Adam Bandt is playing all the Greens’ biggest hits, touching on big business, coal and gas companies and billionaires.

He says beer drinkers will be $4.8 billion more in taxes over the next four years than gas companies, before turning his attention to the dangers beyond Australia’s shores.

“We must stop Peter Dutton bringing Trumpian politics to Australia, just as we must stop Anthony Albanese bringing Trump himself here,” the Greens leader says, to laughter as he claims “extreme wealth distorts and damages the economy”.

“In the time that it takes me to give this speech, Trump fan, Liberal Party donor and climate change denier Gina Rinehart will have made more money than many working people in the country make in an entire year.”

Greens leader makes election pitch at Press Club

Greens leader Adam Bandt is speaking at the National Press Club to outline the minor party’s plans and what it would be seeking if it holds the balance of power in a minority government.

He starts by saying the two major parties are engaged in a “battle of the bandaids” and not offering real solutions to the big problems the nation is grappling with.

“It’s more important than ever that government puts up a big umbrella to protect us from Trump’s fallout,” he said.

The Greens pitch so far has four main planks: dental into Medicare, ending native forest logging, free childcare for everyone, and stronger protections for renters.

Mr Bandt promises the party will have more to say about its raison d’etre, environment and climate action, down the track.

Kimberley Braddish

Dutton spruiks energy discount for consumers but can’t say when

Opposition Leader Peter Dutton is spruiking the Coalition’s energy plan, insisting households and commercial users will see a benefit by the end of 2025.

Mr Dutton was in Sydney at Bluescope and has claimed his gas policy will have “immediate impact”, benefiting households and industries.

But when asked when households will see the discounts, Mr Dutton said “we have said by the end of this calendar year.”

“It depends on when people are contracted and what their individual arrangements are. Across the economy, we reduce the cost of gas and we start negotiations with companies from day one.

“What we’re saying is we want to address the structural problem, the real foundational problem that is in the economy at the moment and that is that Labor’s renewables is an energy train wreck.”

“We are going to help consumers. Helping industrial users like BlueScope and Brickwork and others bring the costdown and consumers not only benefitin their own households but they also benefit because they are purchasing products in the economy.

Mr Dutton says negotiations with companies will begin within the first 100 days, if he becomes Prime Minister.

Modelling released on Tuesday proposes that the Coaltion will impose a gas security charge on gas exporters which will force them to divert gas to the domestic market.

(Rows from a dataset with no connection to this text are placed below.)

(* Let $p>2$, let $I\subset\mathbb{R}$ be an interval and let $f\in C^\infty_c(\mathbb{R}^2)$. Then $$\sum_{J\in\mathcal D}|J|^{-\frac p{20}}\|f\mathbf 1_{I\times J}\|^p_{L^{20/11}_{x,y}}\lesssim_p\|f\mathbf 1_{I\times\mathbb{R}}\|^p_{L^{20/11}_xL^2_y},$$ where $\|h\|_{L^{20/11}_xL^2_y}=\big(\int_{\mathbb{R}}\|h(x,\cdot)\|_{L^2(\mathbb{R})}^{20/11}dx\big)^{11/20}$, and the implicit constant depends only on $p$.
   Context: $\mathcal D$ denotes the collection of dyadic intervals $\{[2^k(n-1),2^k(n+1)]:k,n\in\mathbb{Z}\}$, and $|J|$ is the length of $J$. *)

From Stdlib Require Import Reals Lra ZArith List ClassicalEpsilon.
Open Scope R_scope.

(* Nonnegative real power, with the convention 0^a = 0 (used for a > 0). *)
Definition rpow (x a : R) : R :=
  if Rle_dec x 0 then 0 else Rpower x a.

Definition ind (S : R -> Prop) (x : R) : R :=
  if excluded_middle_informative (S x) then 1 else 0.

Definition is_interval (I : R -> Prop) : Prop :=
  forall x y z, I x -> I z -> x <= y -> y <= z -> I y.

(* Riemann integral over [a,b] (value is independent of the integrability proof;
   unspecified when f is not Riemann integrable). *)
Definition RInt (f : R -> R) (a b : R) : R :=
  epsilon (inhabits 0)
    (fun v => exists pr : Riemann_integrable f a b, RiemannInt pr = v).

(* Integral over R of a function with bounded support: the eventually
   constant value of the integral over [-M, M]. *)
Definition IntR (h : R -> R) : R :=
  epsilon (inhabits 0)
    (fun v => exists M, forall M', M <= M' -> RInt h (- M') M' = v).

Definition continuous2 (g : R -> R -> R) : Prop :=
  forall x y eps, 0 < eps -> exists delta, 0 < delta /\
    forall x' y', Rabs (x' - x) < delta -> Rabs (y' - y) < delta ->
      Rabs (g x' y' - g x y) < eps.

(* C^infinity on R^2: there is a family D of functions indexed by words in
   {x-derivative (true), y-derivative (false)}, with D nil = g, such that
   each D s is jointly continuous and its partial derivatives exist
   everywhere and are given by D (true :: s), D (false :: s). *)
Definition smooth2 (g : R -> R -> R) : Prop :=
  exists D : list bool -> R -> R -> R,
    D nil = g /\
    forall s, continuous2 (D s) /\
      (forall x y, derivable_pt_lim (fun t => D s t y) x (D (true :: s) x y)) /\
      (forall x y, derivable_pt_lim (fun t => D s x t) y (D (false :: s) x y)).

This is how the Coaltion says it will bring down wholesale gas prices, then lowering gasbills for industrial users by 15 per cent and households by around 7 per cent.

Kimberley Braddish

Dutton says he’d do better at relationship with Trump amid new tariffs

Opposition Leader Peter Dutton reckons he’d do a better job at having a relationship with the US amid market turmoil.

It comes as Prime Minister Anthony Albanese refused to answer a question on Wednesday about whether he has spoken to US President Donald Trump directly, following the 10 per cent tariff announcement and the huge market slump.

Mr Dutton says “I think what Australians are worried about at the moment is - who is better to manage our economy and bring down the cost of living? Who can deal with economic headwinds?”.

“If we have a recession in the United States, if there is a global recession, if there’s a broader war in Europe, a Labor-Greens government with a weak and incompetent prime minister is not going to be able to deal with that.

“The Prime Minister has demonstrated that he’s always weak, always late to the game

“We have the contacts, we have the ability, we make sure that we work on relationships”.